Earlier this month the Securities and Exchange Commission (SEC) released its semi-annual regulatory agenda listing its priorities at the proposed rule stage, final rule stage and long-term priorities. Besides being evident on the wide range of responsibilities our industry’s chief regulator has even during a time when tolerance for new regulations is low and unwinding existing ones is high, the agenda is a very good resource for identifying issues and subsequent events that have or will impact market structure. While it is too early to finalize a 2018 ‘Top 5’ list of events that effected market structure, our industry has experienced a lot this year and as we approach the halfway mark, now is a good time to reflect on some of these regulatory and non-regulatory events. Consistent with our approach we continue to work closely with Williams & Jensen and with our Committees to develop our thinking around these developments. We are actively engaged with The Hill, the Commission and FINRA, and seek your ideas and input.
Listed Options Market – Q1′ 2018 & February 5th Activity
A record amount of contracts – nearly 1.4 billion – were cleared in the first of quarter of 2018, and on Feb. 5 the U.S. stock market experienced its largest ever decline for a single trading day with the Cboe Volatility Index, VIX, closing at 37, up over 250%. The operational performance of the listed options markets on Feb. 5 was sound and impressive, with the volumes lending credence that the breadth of investors who find these instruments attractive has broadened. These combined factors should capture the attention of regulators and be a positive catalyst for addressing some of the industry’s concerns on such micro-market structure issues as: the calculation on risk weighted assets (RWAs), concentration of clearing brokers and market makers, fragmentation and potential overly burdensome costs associated with CAT.
Transaction Fee Pilot
At a March 14 open meeting, the SEC voted unanimously to propose a rule under Regulation NMS to “conduct a Transaction Fee Pilot
for NMS stocks to study the effects that transaction-based fees and rebates may have on…order routing behavior, execution quality, and market quality.” While it was no surprise that the SEC would propose such an action in the aftermath of the 2016 recommendation of the SEC Equity Market Structure Advisory Committee (EMSAC) to conduct a pilot, the amount of securities involved (3 buckets of 1,000 securities each) and a no-fee scenario caught some by surprise. The deadline for comment letters is later this month, but the impact of this event is already being felt as participants debate where the conflicts of interest rooted in transaction fees exist, and whether a lower fee cap coupled with proposed, but not yet implemented, order handling disclosures is a better option than an outright ban. Regardless, the proposed pilot is an example that, as markets evolve, unintended consequences appear. As recently noted by Liquidnet’s Adam Sussman, “the primary rationale for the access fee cap (in 2005) was to prevent market centers from abusing the protected quote status to extract high fees.” Today, it is more about conflicts of interest and the impact on routing customer order flow in an environment of never anticipated sub-penny commissions.

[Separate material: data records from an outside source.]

Lemma twist_invl g : op (twist_inv act g) g = one.
Proof. by rewrite opE /twist_inv act_index -act_mul mulVg act_g1. Qed.

Lemma twist_unit : is_unit op one.
Proof. by move=> x; rewrite twist1g twistg1. Qed.

Lemma twist_group : is_group op.
Proof.
split; first exact: twist_assoc.
exists one; split; first exact: twist_unit.
by move=> g; exists (twist_inv act g); rewrite twist_invr twist_invl.
Qed.

Lemma twist_unit_eq e : is_unit op e -> e = one.
Proof. by move=> /(_ one) [_]; rewrite twist1g. Qed.

Lemma twist_inv_eq g x : op g x = one -> x = twist_inv act g.
Proof.
move=> gx1.
by rewrite -(twist1g x) -(twist_invl g) -twist_assoc gx1 twistg1.
Qed.
End Twist.

Section TwistBrace.
Variables (act act' op op' : T -> T -> T).
Hypotheses (act_endo : is_endo_action act) (act'_endo : is_endo_action act').
Hypotheses (act_self : compatible act act) (act'_self : compatible act' act').
Hypothesis act_act' : compatible act act'.
Hypothesis opE : forall g h, op g h = g * act g h.
Hypothesis op'E : forall g h, op' g h = g * act' g h.

Lemma twist_brace_law g h k :
  op' g (op h k) = op (op (op' g h) (twist_inv act g)) (op' g k).
Proof.
have [act_act'_index act_act'_comm] := act_act'.
have act_gh y : act (op' g h) y = act g (act h y).
  by rewrite op'E (act_comp act_endo) act_act'_index.
have act_conj y : act g (act h (act g^-1 y)) = act h y.
  by rewrite (act_commute act_self h) (act_invgK act_endo).
rewrite !opE (act_comp act_endo) /twist_inv !(act_index act_self).
rewrite -mulgA -!(act_mul act_endo) [op' g k]op'E mulKg act_gh act_conj.
by rewrite act_act'_comm !op'E (act_mul act'_endo) mulgA.
Qed.

Lemma twist_skew_brace : skew_brace op op'.
Proof.
split; first exact: (twist_group act_endo act_self opE).
split; first exact: (twist_group act'_endo act'_self op'E).
move=> e g x h k /(twist_unit_eq act_endo opE) -> gx1 _.
by rewrite (twist_inv_eq act_endo act_self opE gx1) twist_brace_law.
Qed.
End TwistBrace.

Section Central.
Variables (K A : T -> Prop).
Hypotheses (HK : is_subgroup mul one inv K) (HKc : central mul K).
Hypothesis HAab : abelian_mod mul inv K A.

Lemma group1 : K one. Proof. by case: HK. Qed.
Lemma groupM x y : K x -> K y -> K (x * y). Proof. by case: HK => _ [+ _]; apply. Qed.
Lemma groupV x : K x -> K x^-1. Proof. by case: HK => _ [_]; apply. Qed.

Lemma commute_K k x : K k -> k * x = x * k. Proof. exact: HKc. Qed.

Lemma mulg_swapK x k y : K k -> x * k * y = x * y * k.
Proof. by move=> Kk; rewrite -!mulgA (commute_K _ Kk). Qed.

Lemma conjg_K a k : K k -> conjg a k = k.
Proof. by move=> Kk; rewrite /conjg -(commute_K _ Kk) mulgK. Qed.

Lemma conjgKl k x : K k -> conjg k x = x.
Proof. by move=> Kk; rewrite /conjg (commute_K _ Kk) mulgK. Qed.

Definition congK x y := K (x^-1 * y).

Lemma congKP x y : congK x y -> exists2 k, K k & y = x * k.
Proof. by move=> Kxy; exists (x^-1 * y); rewrite ?mulKVg. Qed.

Lemma congK_mulK x k : K k -> congK x (x * k).
Proof. by rewrite /congK mulKg. Qed.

As recently noted by Liquidnet’s Adam Sussman, “the primary rationale for the access fee cap (in 2005) was to prevent market centers from abusing the protected quote status to extract high fees.” Today, it is more about conflicts of interest and the impact on routing customer order flow in an environment of never anticipated sub-penny commissions.
SEC Fixed Income Market Structure Advisory Committee (FIMSAC)
On April 9, at what was only its second meeting of the full FIMSAC, a recommendation for a pilot program
to “study the market implications of changing the reporting regime for block-size trades in corporate bonds” was approved and now is left to the SEC to determine next steps, if any. Regardless of whether the SEC moves forward or not, fixed income and FIMSAC’s work will be a priority for the SEC in 2018.
Equity Market Structure Symposium – SEC Chairman Jay Clayton Keynote
In their addresses and Q&A that followed at an April 10 event, SEC Chairman Jay Clayton and SEC Trading & Markets Division Director Brett Redfearn laid out the SEC’s agenda for equity market structure. After recognizing and giving support for the U.S. Treasury Department’s Capital Markets Report, Chairman Clayton stated the Commission’s specific equity market structure topics will be: market structure for thinly-traded securities, access to markets and market data, and regulatory approaches to addressing retail fraud as it pertains to digital assets and penny stocks. As a means to obtain industry feedback on these topics, the Commission will hold a series of Roundtables, each of which will garner much attention.
Roundtable on Thinly-Traded Securities; UTP Gets a Look and ETPs Get their Own Table
On April 23, the SEC held a roundtable with a wide range of industry participants to help determine if targeted changes should be made to optimize the market structure for thinly-traded securities. Following a recommendation in the U.S. Treasury Department’s Capital Markets Report that companies be allowed to forfeit Unlisted Trading Privileges (UTPs) thus providing them control on where their shares trade was debated in the context as to whether the liquidity challenges for these companies is “spatial” or “temporal.” Regarding Exchange-Traded Products, the SEC recognizes that this group may need a look given that 73% of the 2,100 listed ETPs trade less than 100,000 per day as compared to only 42% of non-ETP listings.